Each time we emerged from a building or descended a rocky staircase, we were met with another incredible view, another angle from which to view the spectacular site, yet we never grew bored of seeing this wonder of the world. At the very bottom of the ruins, llamas grazed unconcerned on the huge grassy terraces, while tourists ducked and dodged trying to get llama, bricks and mountains into one glorious selfie. We saw the fabulous temple of the condor, steep naturally sloping rocks used to represent the wings, while the head had been carved into e ground. Here two indigenous animals sheltered from the heat of the day - chinchillas, their large ears and tails poking out from the craggy rocks. At all times, we were engrossed in the traditional stories and beautiful architecture. It was so incredible, that we did not want to leave, but sadly, our time was up, and we joined the queue for the buses back down the mountain. The queue snaked all the way around the entrance plaza, so we were able to take in our last glimpses while we waited.

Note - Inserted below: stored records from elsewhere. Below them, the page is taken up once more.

(* Let $k\ge2$ and $n\le0$ with $\mathcal{F}_{n,k}\not\equiv0$, and write $q=q_{n,k}$, $r=r_{n,k}$. Write $\mathcal{F}_{n,k}(x)=x^rP_{n,k}(x^k)$ with $P_{n,k}(\xi)\in\mathbb{Z}[\xi]$ of degree $N=N_{n,k}$, where $N=q-1$ if $r=0$ and $N=q-r$ if $1\le r\le k-1$. Let $\xi_1,\dots,\xi_N$ be its roots counted with multiplicity, and $\sigma_h$ their $h$-th elementary symmetric polynomial. Then, for $h=1,\dots,N$, $$\sigma_h=\begin{cases}(-1)^hC_k\bigl(-(h+1),\,|n|+1-k(h+1)\bigr),& r=0,\\[4pt] (-1)^{h+r}\,C_k\bigl(-(h+r),\,|n|+1-k(h+r)\bigr)\Big/\binom{q-1}{r-1},& 1\le r\le k-1.\end{cases}$$ Moreover, if $N\ge1$, $$\sum_{j=1}^N\xi_j=\begin{cases}-(2q-3),& r=0,\ k=2,\\ -(q-1),& r=0,\ k\ge3,\\ -\dfrac{(r+1)(q-r)}{r},& 1\le r\le k-1,\end{cases}\qquad \prod_{j=1}^N\xi_j=\begin{cases}(-1)^N,& r=0,\\ (-1)^N\dfrac{q}{r},& 1\le r\le k-1.\end{cases}$$
   Context: For $k\ge2$, the polynomials $\mathcal{F}_{n,k}(x)\in\mathbb{Z}[x]$ ($n\in\mathbb{Z}$) are defined by $\mathcal{F}_{1,k}=1$, $\mathcal{F}_{n,k}=0$ for $n=0,-1,\dots,-(k-2)$, and $\mathcal{F}_{n,k}(x)=\sum_{j=1}^{k}x^{k-j}\mathcal{F}_{n-j,k}(x)$ for all $n\in\mathbb{Z}$. This recurrence is used upwards for $n\ge2$, and downwards for $n\le-(k-1)$ as $\mathcal{F}_{n,k}=\mathcal{F}_{n+k,k}-\sum_{j=1}^{k-1}x^j\mathcal{F}_{n+j,k}$. For $n\le0$: $q_{n,k}=\lfloor(|n|+1)/k\rfloor$, and $r_{n,k}\in\{0,\dots,k-1\}$ is the residue of $|n|+1$ modulo $k$, so $|n|+1=kq_{n,k}+r_{n,k}$. For integers $m<0$ and $j\ge0$, $C_k(m,j)$ is the coefficient of $x^j$ in the formal power series $1/(1+x+\dots+x^{k-1})^{|m|}$. *)

From HB Require Import structures.
From mathcomp Require Import all_boot all_order all_algebra all_field.
Set Implicit Arguments. Unset Strict Implicit. Unset Printing Implicit Defensive.
Import Order.TTheory GRing.Theory Num.Theory.
Local Open Scope ring_scope.

(* Downward part.  down_seq k t = [:: a_0; ...; a_t] with a_t = F_{1-t,k}:
   a_0 = F_1 = 1, a_1 = ... = a_{k-1} = 0 (F_0, ..., F_{-(k-2)}), and for t >= k
   F_n = F_{n+k} - sum_{j=1}^{k-1} x^j F_{n+j}, i.e.
   a_t = a_{t-k} - sum_{j=1}^{k-1} x^j a_{t-j}. *)
Definition next_down (k : nat) (s : seq {poly int}) : {poly int} :=
  let t := size s in
  if (t < k)%N then 0
  else s`_(t - k) - \sum_(1 <= j < k) 'X^j * s`_(t - j).

Fixpoint down_seq (k t : nat) : seq {poly int} :=
  match t with
  | 0 => [:: 1]
  | t'.+1 => rcons (down_seq k t') (next_down k (down_seq k t'))
  end.

(* Upward part.  up_seq k u = [:: d_0; ...; d_u] with d_u = F_{u-(k-2),k}:
   d_0..d_{k-2} = 0 (F_{-(k-2)}..F_0), d_{k-1} = F_1 = 1, and for u >= k
   d_u = sum_{j=1}^{k} x^{k-j} d_{u-j}. *)
Definition next_up (k : nat) (s : seq {poly int}) : {poly int} :=
  let u := size s in
  if (u < k.-1)%N then 0
  else if u == k.-1 then 1
  else \sum_(1 <= j < k.+1) 'X^(k - j) * s`_(u - j).

Fixpoint up_seq (k u : nat) : seq {poly int} :=
  match u with
  | 0 => [:: next_up k [::]]
  | u'.+1 => rcons (up_seq k u') (next_up k (up_seq k u'))
  end.

Definition Fnk (k : nat) (n : int) : {poly int} :=
  if n <= 0 then (let t := `|1 - n|%N in (down_seq k t)`_t)
  else (let u := (`|n|%N + k - 2)%N in (up_seq k u)`_u).

Definition qnk (k : nat) (n : int) : nat := ((`|n|%N + 1) %/ k)%N.
Definition rnk (k : nat) (n : int) : nat := ((`|n|%N + 1) %% k)%N.
(* N_{n,k} as an integer (no truncation). *)
Definition Nnk (k : nat) (n : int) : int :=
  if rnk k n == 0%N then (qnk k n)%:Z - 1 else (qnk k n)%:Z - (rnk k n)%:Z.

(* Coefficients of the reciprocal formal power series 1/p of p with p_0 = 1:
   c_0 = 1, c_j = - sum_{i=1}^{j} p_i c_{j-i}  (i.e. p * c = 1). *)
Definition next_inv (p : {poly int}) (s : seq int) : int :=
  let j := size s in
  if j == 0%N then 1 else - \sum_(1 <= i < j.+1) p`_i * s`_(j - i).

Fixpoint inv_seq (p : {poly int}) (j : nat) : seq int :=
  match j with
  | 0 => [:: next_inv p [::]]
  | j'.+1 => rcons (inv_seq p j') (next_inv p (inv_seq p j'))
  end.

Without the mist, the drive down was, although still beautiful, not as ethereal as our ascent and we soon arrived back in Aguas Calientes, where we sunk, tired, sweaty and dusty into a restaurant, devoured food and then, to our horror, realising that the porters had misunderstood our guide and had left our bags at the restaurant at the bottom of the town, carried our luggage back up the steep hill to the train station. The train journey was as stunning as it had been the previous day. Travelling forwards this time, we were able to see more of the scenery to the opposite side of the train, the rapids of the river to our right rushing past the window. The smoke was once again present on the snow-capped peaks, but this time, it was easy to see the flames licking the side of the mountain, billowing huge white clouds into the sky.

Our bus was waiting for us when we arrived back into Ollantaytambo which we hopped into gratefully, our muscles aching. The drive back to Cusco, gaining elevation all the time was gorgeous. The fading sunlight turned the snow, high on the mountains, gorgeous shades of red and pink, while the local people we passed went about their day to day lives, children smiling and waving to the gringos in the bus as it passed. After a devilishly decadent hot shower, we hit the streets of Cusco, which took on another type of beauty at night. As we crossed the main square, the colonial buildings were lit up from blow, casting their facades into another-worldly glow. The houses lining the hillside were illuminated against its dark face, layer upon layer of twinkling lights that added to the effect of the lights in the plaza.

Dinner was what both I and Ken, one of the members of our tour party, had been looking forward to most. An entire guinea pig, or cuy, was delivered to the table, its mouth wide open in a silent scream, its skin brown and leathery. After photographs being taken, it was removed from the table, and re-delivered moments later, carved into six pieces - mainly corresponding to its body regions - the head, left and right torso, left and right legs and, well, its derrière. Gingerly taking a piece of the cuy, the internal organs clinging to the meaty outer layer, we nibbled on it, leaving the head where it was, none of us daring enough to brave its razor sharp teeth and crispy ears. I can't say that it was a pleasant experience, but an experience all the same. Fortunately, we had also ordered lomo asado - beef in spicy vegetables, mixed up with chips and served with rice. It was delicious.

After enjoying the sights of nighttime Cusco, the air temperature lower than we had experienced for the entire time, requiring gloves and thick coats, we arrived back at our hotel, ready for a sleep after a long, but wonderful day.